At the end of last year I failed confirmation. Well, I passed the viva element but have to resubmit my confirmation report and draft chapter, which in my case is an article, as it's an article based thesis.
At around the same time, I finally faced up to the fact that I needed some mental health support. I was so terrified of failing the PhD that I had basically shut down my brain and I wasn't working at anywhere near full capacity. I was too reliant on my supervisors and took every constructive criticism as a resounding death knell to my chances of ever becoming a Dr.
I bit the bullet and got some support. As a result, it was February before I really got down to reworking my confirmation papers BUT I was in a much better state of mind. Come March, we were on lockdown and I was working from home as a single mum with two children needing supervision of home schooling. So it's fair to say I've had a rocky road.
I'm now 5 weeks away from my confirmation resubmission deadline. I have made a lot of improvements to my report and article. I have been working so hard but it's simply impossible for me to work absolutely full time. I've addressed all the issues the examiners raised, although whether I've fully addressed them is probably a little subjective.

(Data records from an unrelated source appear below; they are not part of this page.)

(* In the setting below, $$\left|\sum_{i=1}^{mn}\mathbb{E}(z_i)-m\right|\le 300\sqrt m.$$
   Context: Setting: $m,n$ are positive integers with $n\ge 1200\sqrt m$. A deck of $mn$ cards with $m$ copies of each label $1,\dots,n$ is shuffled uniformly at random. A fixed guessing strategy is used: in round $t=1,\dots,mn$ the Guesser guesses $g_t\in\{1,\dots,n\}$, a function (possibly randomized independently of the deck) of $y_1,\dots,y_{t-1}$, where $y_t\in\{0,1\}$ is the indicator that the $t$-th card has label $g_t$. For a vector $v$, $v_{\le t}:=(v_1,\dots,v_t)$. For $1\le k\le n$, $1\le t\le mn+1$: $a(k,t):=|\{1\le i<t: g_i=k\}|$. Let $Y:=\lfloor \tfrac16\sqrt m\, n\rfloor$. Let $(z_1,\dots,z_{mn})\in\{0,1\}^{mn}$ be a random vector (on an extension of the probability space), with $c(k,t):=|\{1\le i<t: g_i=k,\ z_i=1\}|$, satisfying almost surely: (a) for all $k,t$: $m-\max\{mn-a(k,t)-Y,0\}\le c(k,t)\le m$; (b) for each $t$, conditioned on $g_{\le t},y_{\le t}$, the coordinates of $z_{\le t}$ are mutually independent and independent from $g_{\le mn},y_{\le mn}$; (c) for each $t$, if $a(g_t,t)<mn-Y$ then $\mathbb{E}(z_t\mid g_{\le t},z_{\le t-1})=\frac{m-c(g_t,t)}{mn-a(g_t,t)-Y}$; (d) for each $t$, if $\mathbb{E}(y_t\mid g_{\le t},y_{\le t-1})\le\mathbb{E}(z_t\mid g_{\le t},z_{\le t-1})$ then $y_t\le z_t$. (Such a vector exists.) *)

From mathcomp Require Import all_boot all_order all_algebra.
From mathcomp Require Import reals.
Set Implicit Arguments. Unset Strict Implicit. Unset Printing Implicit Defensive.
Import Order.TTheory GRing.Theory Num.Theory.
Local Open Scope ring_scope.

Section Defs.
Variables (R : realType) (Omega : finType) (P : Omega -> R).

Definition is_prob_space : Prop :=
  (forall w, 0 <= P w) /\ \sum_(w : Omega) P w = 1.

Definition Prob (A : pred Omega) : R := \sum_(w | A w) P w.

Definition Expect (X : Omega -> R) : R := \sum_(w : Omega) P w * X w.

(* Conditional expectation E(X | W) evaluated at the outcome w
   (meaningful when P(W = W w) > 0, which holds whenever P w > 0). *)
Definition condE (T : eqType) (X : Omega -> R) (W : Omega -> T) (w : Omega) : R :=
  (\sum_(v | W v == W w) P v * X v) / Prob (fun v => W v == W w).

Definition condP (T : eqType) (A : pred Omega) (W : Omega -> T) (w : Omega) : R :=
  Prob (fun v => A v && (W v == W w)) / Prob (fun v => W v == W w).
End Defs.

(* v_{<= t} in the paper's 1-indexed notation: the first t coordinates
   (rounds are indexed 0 .. N-1 here, so upto X t = (X_0, ..., X_{t-1})). *)
Definition upto (Omega : Type) (T : Type) (N : nat) (X : 'I_N -> Omega -> T)
  (t : nat) (w : Omega) : seq T :=
  [seq X i w | i <- filter (fun i : 'I_N => (i < t)%N) (enum 'I_N)].

Definition acount (Omega : Type) (n N : nat) (g : 'I_N -> Omega -> 'I_n)
  (k : 'I_n) (t : nat) (w : Omega) : nat :=
  #|[pred i : 'I_N | (i < t)%N && (g i w == k)]|.

Definition ccount (Omega : Type) (n N : nat) (g : 'I_N -> Omega -> 'I_n)
  (z : 'I_N -> Omega -> bool) (k : 'I_n) (t : nat) (w : Omega) : nat :=
  #|[pred i : 'I_N | [&& (i < t)%N, g i w == k & z i w]]|.

Definition arrangements (m n : nat) : {set (m * n).-tuple 'I_n} :=
  [set s : (m * n).-tuple 'I_n | [forall k : 'I_n, count_mem k s == m]].

Definition Yval (R : realType) (m n : nat) : int :=
  Num.floor (Num.sqrt (m%:R : R) * n%:R / 6).

From mathcomp Require Import all_boot all_order all_algebra.
From mathcomp Require Import reals.
From mathcomp Require Import zify ring lra.
Import Order.TTheory GRing.Theory Num.Theory.
Local Open Scope ring_scope.
Set Implicit Arguments. Unset Strict Implicit. Unset Printing Implicit Defensive.

(* Write N = mn, N' = N - Y and e = m / N'.  By (c), when a label is guessed
   after a earlier guesses of it, c of them with z = 1, then z = 1 with
   probability (m - c) / (N' - a): the z's of a label behave like draws without
   replacement from an urn of N' balls, m of them red.  Hence the excess
   W = c - e a of a label is a drift-corrected walk: E sum_k W^2 is O(m), and
   W N' / (N' - a) = m - N' (m - c) / (N' - a) is a martingale.  Counting only
   the first N/3 + 1 guesses of each label keeps N' - a >= N/3, so
   |E sum_k W| = |E sum_k W a / (N' - a)| = O(sqrt m) by AM-GM; at most two
   labels are guessed more often, and they contribute O(sqrt m) too.  By (a),
   z = 0 once a label has been guessed N' times, which shifts the total by at
   most e Y <= sqrt m / 5; as sum_k a = N, E sum z = e N + O(sqrt m), and
   e N - m = e Y. *)

Section Expectation.
Variables (R : realType) (Omega : finType) (P : Omega -> R).
Hypothesis P_ge0 : forall w, 0 <= P w.
Hypothesis P_sum1 : \sum_w P w = 1.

My supervisors think the confirmation report is almost ready and probably can be made ready in 5 weeks - it is a matter of clarifying and giving better justification for some points. The article is not publication-ready, in their view, but it's subjective how polished the examiners expect it to be. To fully implement all the changes they want me to make to it would be tight in 5 weeks. However they haven't time to give me any more than brief feedback by email between now and then - so I'm on my own now really, albeit with detailed feedback.
They say only I can decide if I should ask for a 1-2 month extension as I have to weigh up the pros and cons. It obviously leaves me less time to do the rest of the PhD, assuming I pass. But it might mean I'm less likely to pass - although it's down to the examiners who were more positive at the last confirmation about the paper than my supervisors were.
Some added points: my supervision has been rocky. I have 3 supervisors. 1 has been on maternity leave most of the past year and I've barely heard from her cover. My main supervisor has been in regular contact and is mostly helpful but this is not really her subject area. My external supervisor, who started out as my main supervisor until she moved institutions, is sporadically in contact as she is so busy. When she gives me feedback it is very detailed but it is few and far between. Just last night, she sent me detailed feedback but I hadn't really heard from her much in the past three months. I had been told she had contributed to the feedback my main supervisor gave me, but I'm now questioning this as she sent me 100 detailed comments on the confirmation report and 150 on the article!
As an added complication, I submitted my article to a journal without telling my supervisors almost as a litmus test. If it got a desk reject, I'd know I was still a long way off. If it got sent to review I might get some additional comments which could help me improve it. I was fully expecting a desk reject but yesterday I heard it's been sent out for review. So maybe it's not that bad?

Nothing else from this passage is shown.